From the records, return each line that has the word "lastP" in it.

[Data items]
------------------------------------------------------------

Lemma basis2_10E (a b : R) : basis2 (pair2 1 0) (pair2 a b) <-> is_unit b.
Proof.
split=> [[hs hu]|[bi [h1 h2]]].
  have [r [s]] := hs (pair2 0 1).
  rewrite !scale_pair2 add_pair2 => /pair2_inj [_]; rewrite mulr0 add0r => sb.
  exists s; split => //.
  have cb : (b * s - 1) * b = 0 by rewrite mulrBl -mulrA -sb mulr1 mul1r subrr.
  have := hu 0 (b * s - 1) ((b * s - 1) * a) 0.
  rewrite !scale0r add0r addr0 !scale_pair2 mulr1 mulr0 cb => /(_ erefl) [_].
  by move/eqP; rewrite subr_eq0 => /eqP.
split.
- move=> v; rewrite {1}(pair2_row v).
  exists (v ord0 i0 - v ord0 i1 * bi * a), (v ord0 i1 * bi).
  by rewrite !scale_pair2 add_pair2 mulr1 mulr0 add0r -(mulrA _ bi b) h2 mulr1 subrK.
- move=> r s r' s'; rewrite !scale_pair2 !add_pair2 !mulr1 !mulr0 !add0r.
  move=> /pair2_inj [e1 e2].
  have es : s = s' by rewrite -[s]mulr1 -h1 mulrA e2 -mulrA h1 mulr1.
  by split => //; move: e1; rewrite es => /addIr.
Qed.

Lemma span1_pair2_unit (a k ki : R) (X : 'M[R]_2) : k * ki = 1 -> ki * k = 1 ->
  same_pt (span1 (pair2 a k *m X)) (span1 (pair2 (ki * a) 1 *m X)).
Proof.
move=> k1 k2; have -> : pair2 a k = k *: pair2 (ki * a) 1.
  by rewrite scale_pair2 mulrA k1 mul1r mulr1.
by rewrite -scalemxAl; apply: span1_scale_unit; exists ki.
Qed.

Lemma inGL2_pt10_decomp (M : 'M[R]_2) s :
  inGL2 M -> same_pt (ptE s) (span1 (pair2 1 0 *m M)) ->
  exists l m k, [/\ is_unit l, is_unit k & M = mx2 l 0 m k *m EmxS s].
Proof.
move=> hM h; have [N [MN NM]] := hM.
have [l0 [[li [l1 l2]] e]] := same_span1_unit (@free_row0E s) (free_mulmx MN free_pair2_10) h.
pose M1 := M *m EmxS (inv_seq s).
have : l0 *: (pair2 1 0 *m M1) = pair2 1 0.
  by rewrite /M1 mulmxA scalemxAl -e row0E_mulV.
rewrite pair10_mul scale_pair2 => /pair2_inj [m00 m01].
have hm01 : M1 i0 i1 = 0 by rewrite -[M1 i0 i1]mul1r -l2 -mulrA m01 mulr0.
have hm00 : M1 i0 i0 = li by rewrite -[M1 i0 i0]mul1r -l2 -mulrA m00 mulr1.
have hu00 : is_unit (M1 i0 i0) by rewrite hm00; exists l0.
exists (M1 i0 i0), (M1 i1 i0), (M1 i1 i1); split=> //.
  exact: inGL2_lower_unit (inGL2_mul hM (inGL2_EmxS _)) hm01 hu00.
by rewrite -hm01 -mx2_ext -mulmxA EmxS_Vmul mulmx1.
Qed.

End Points.
Arguments free_row0E {R} s.

Section JordanHom.
Variables (R R' : pzRingType) (f : R -> R').
Hypothesis hf : jordan_hom f.
Implicit Types (a b c u v w z : R).

Lemma jordanD a b : f (a + b) = f a + f b. Proof. by case: hf. Qed.
Lemma jordan1 : f 1 = 1. Proof. by case: hf. Qed.
Lemma jordan_triple a b : f (a * b * a) = f a * f b * f a. Proof. by case: hf. Qed.

Lemma jordan0 : f 0 = 0.
Proof. by apply: (@addrI _ (f 0)); rewrite -jordanD !addr0. Qed.

Lemma jordanN a : f (- a) = - f a.
Proof. by apply: (@addrI _ (f a)); rewrite -jordanD !subrr jordan0. Qed.

Lemma jordanB a b : f (a - b) = f a - f b. Proof. by rewrite jordanD jordanN. Qed.

Lemma jordan_triple_sym a b c :
  f (a * b * c + c * b * a) = f a * f b * f c + f c * f b * f a.
Proof.
have := jordan_triple (a + c) b.
by rewrite !mul_sandwichDl !jordanD !jordan_triple mul_sandwichDl => /addIr /addrI.
Qed.

Lemma jordan_unit u : is_unit u -> is_unit (f u).
Proof.
move=> [v [h1 h2]].
have e : f u * f (v * v) * f u = 1 by rewrite -jordan_triple mulrA h1 mul1r h2 jordan1.
have e' : f u * (f (v * v) * f u) = 1 by rewrite mulrA.
by exists (f (v * v) * f u); split=> //; rewrite -(linv_rinv e e').
Qed.

Lemma map_inv_seq s : map f (inv_seq s) = inv_seq (map f s).
Proof. by elim: s => [|t s IH] //=; rewrite map_cat IH /= jordan0 jordanN. Qed.

Lemma jordan_affine_split u v w (u' v' w' : R') :
  (forall z, f (u * z * v - w) = u' * f z * v' - w') ->
  f w = w' /\ forall z, f (u * z * v) = u' * f z * v'.
Proof.
move=> h; have hw : f w = w'.
  by apply: oppr_inj; have := h 0; rewrite jordan0 !mulr0 !mul0r !sub0r jordanN.
by split=> // z; have := h z; rewrite jordanB hw => /addIr.
Qed.

Lemma jordan_sandwich_inv a p ai pi (a' p' : R') :
  (forall z, f (a * z * p) = a' * f z * p') -> (forall z, f (p * z * a) = p' * f z * a') ->
  a * ai = 1 -> ai * a = 1 -> p * pi = 1 -> pi * p = 1 ->
  a' * (f (ai * pi) * p') = 1 /\ f (ai * pi) * p' * a' = 1.
Proof.
move=> hap hpa a1 a2 p1 p2.
have r : a' * (f (ai * pi) * p') = 1.
  by rewrite mulrA -hap !mulrA a1 mul1r p2 jordan1.
have l : p' * f (pi * ai) * a' = 1.
  by rewrite -hpa !mulrA p1 mul1r a2 jordan1.
by split=> //; rewrite -(linv_rinv l r).
Qed.

Lemma jordan_quotient a b ai p pi r (a' b' ai' p' pi' r' : R') :
  (forall z, f (a * z * p) = a' * f z * p') -> f (a * r) = a' * r' ->
  ai * a = 1 -> p * pi = 1 -> pi * p = 1 -> ai' * a' = 1 -> p' * pi' = 1 ->
  b * p + a * r = 0 -> b' * p' + a' * r' = 0 -> f (ai * b) = ai' * b'.
Proof.
move=> hap har a2 p1 p2 a2' p1' rel rel'.
rewrite (linv_mul_rel a2 p1 rel) (linv_mul_rel a2' p1' rel') jordanN; congr (- _).
have : a' * f (r * pi) * p' = a' * r' by rewrite -hap -(mulrA a) -(mulrA r) p2 mulr1.
move/(congr1 (fun x => ai' * x * pi')).
by rewrite /= !mulrA a2' !mul1r -(mulrA _ p') p1' mulr1.
Qed.

Definition jordan_related (N : 'M[R]_2) (N' : 'M[R']_2) : Prop :=
  [/\ f (N i0 i0) = N' i0 i0, f (N i1 i1) = N' i1 i1,
      forall x, f (x * N i0 i1 + N i1 i0 * x) = f x * N' i0 i1 + N' i1 i0 * f x &
      forall x, f (x * N i1 i0 + N i0 i1 * x) = f x * N' i1 i0 + N' i0 i1 * f x].

Lemma jordan_related_conj t N N' : jordan_related N N' ->
  jordan_related (Emx t *m N *m Emx_tr t) (Emx (f t) *m N' *m Emx_tr (f t)).
Proof.
case=> h00 h11 h01 h10.
have [e00 e11 e01 e10] := Emx_conj_entries t N.
have [e00' e11' e01' e10'] := Emx_conj_entries (f t) N'.
split.
- by rewrite e00 e00' jordanD jordanD jordan_triple h01 h00 h11.
- by rewrite e11 e11'.
- by move=> x; rewrite e01 e01' jordanN jordanD jordan_triple_sym h10 h00.
- by move=> x; rewrite e10 e10' jordanN jordanD jordan_triple_sym h01 h00.
Qed.

Lemma jordan_related_Nmx z s : jordan_related (Nmx z s) (Nmx (f z) (map f s)).
Proof.
elim: s => [|t s IH] /=; last by rewrite !Nmx_cons; apply: jordan_related_conj.
by rewrite !Nmx_nil /jordan_related !mxE /= jordan0; split=> // x; ring_simpl.
Qed.

Lemma jordan_EmxS_corner_quotient s ai :
  EmxS s i0 i0 * ai = 1 -> ai * EmxS s i0 i0 = 1 ->
  exists ai', [/\ EmxS (map f s) i0 i0 * ai' = 1, ai' * EmxS (map f s) i0 i0 = 1 &
    f (ai * EmxS s i0 i1) = ai' * EmxS (map f s) i0 i1].
Proof.
move=> a1 a2.
have [rev00 rev10] := EmxS_rev_entries s.
have [rev00' rev10'] := EmxS_rev_entries (map f s).
have [har hap] : f (EmxS s i0 i0 * EmxS (rev s) i1 i0) =
    EmxS (map f s) i0 i0 * EmxS (rev (map f s)) i1 i0 /\
  forall z, f (EmxS s i0 i0 * z * EmxS (rev s) i0 i0) =
    EmxS (map f s) i0 i0 * f z * EmxS (rev (map f s)) i0 i0.
  by apply: jordan_affine_split => z; have [] := jordan_related_Nmx z s; rewrite !Nmx00.
have [_ hpa] : f (EmxS (rev s) i0 i0 * EmxS s i1 i0) =
    EmxS (rev (map f s)) i0 i0 * EmxS (map f s) i1 i0 /\
  forall z, f (EmxS (rev s) i0 i0 * z * EmxS s i0 i0) =
    EmxS (rev (map f s)) i0 i0 * f z * EmxS (map f s) i0 i0.
  apply: jordan_affine_split => z; have [] := jordan_related_Nmx z (rev s).
  by rewrite !Nmx00 map_rev !revK.
rewrite rev00 rev10 rev00' rev10' in har hap hpa.
have [p1 p2] := inv_mx2_corner (EmxS_mulV s) (EmxS_Vmul s) a1 a2.
set pi := _ - _ in p1 p2.
have [ai1 ai2] := jordan_sandwich_inv hap hpa a1 a2 p1 p2.
have [pi1 pi2] := jordan_sandwich_inv hpa hap p1 p2 a1 a2.
exists (f (ai * pi) * EmxS (inv_seq (map f s)) i1 i1); split=> //.
exact: (jordan_quotient hap har a2 p1 p2 ai2 pi1 (mulmx_eq1_entry01 (EmxS_mulV s))
  (mulmx_eq1_entry01 (EmxS_mulV (map f s)))).
Qed.

Lemma jordan_fixes_pt10 U l : is_unit l -> row0E U = l *: pair2 1 0 ->
  exists l', is_unit l' /\ row0E (map f U) = l' *: pair2 1 0.
Proof.
move=> hl; case/lastP: U => [|s t].
  by exists 1; split; [exists 1; rewrite mulr1 | rewrite scale1r /row0E mulmx1].
case/lastP: s => [|s0 t0].
  (* [R(1,0) E(t) = R(t,1)] is [R(1,0)] only in the zero ring. *)
  rewrite /row0E /= mulmx1 pair2_Emx scale_pair2 => /pair2_inj [_ h10].
  have h1' : (1 : R') = 0 by rewrite -jordan1 h10 mulr0 jordan0.
  exists 1; split; first by exists 1; rewrite mulr1.
  by apply/matrixP => i j; rewrite [LHS](one_eq0_all h1') [RHS](one_eq0_all h1').
rewrite !map_rcons !row0E_rcons /row0E !pair10_mul !pair2_Emx scale_pair2 mulr1 mulr0.
move=> /pair2_inj [hl0 h0]; rewrite h0 mul0r sub0r in hl0.
have [ai [a1 a2]] : is_unit (EmxS s0 i0 i0).
  by rewrite -[EmxS s0 i0 i0]opprK hl0; apply: is_unitN.
have [ai' [a1' a2' hq]] := jordan_EmxS_corner_quotient a1 a2.
have ht0 : t0 = ai * EmxS s0 i0 i1.
  by move/eqP: h0; rewrite subr_eq0 => /eqP <-; rewrite mulrA a2 mul1r.
exists (- EmxS (map f s0) i0 i0); split; first by apply: is_unitN; exists ai'.
by rewrite ht0 hq mulrA a1' mul1r subrr mul0r sub0r scale_pair2 mulr1 mulr0.
Qed.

------------------------------------------------------------

| Answer for this exercise |
move=> hl; case/lastP: U => [|s t].
case/lastP: s => [|s0 t0].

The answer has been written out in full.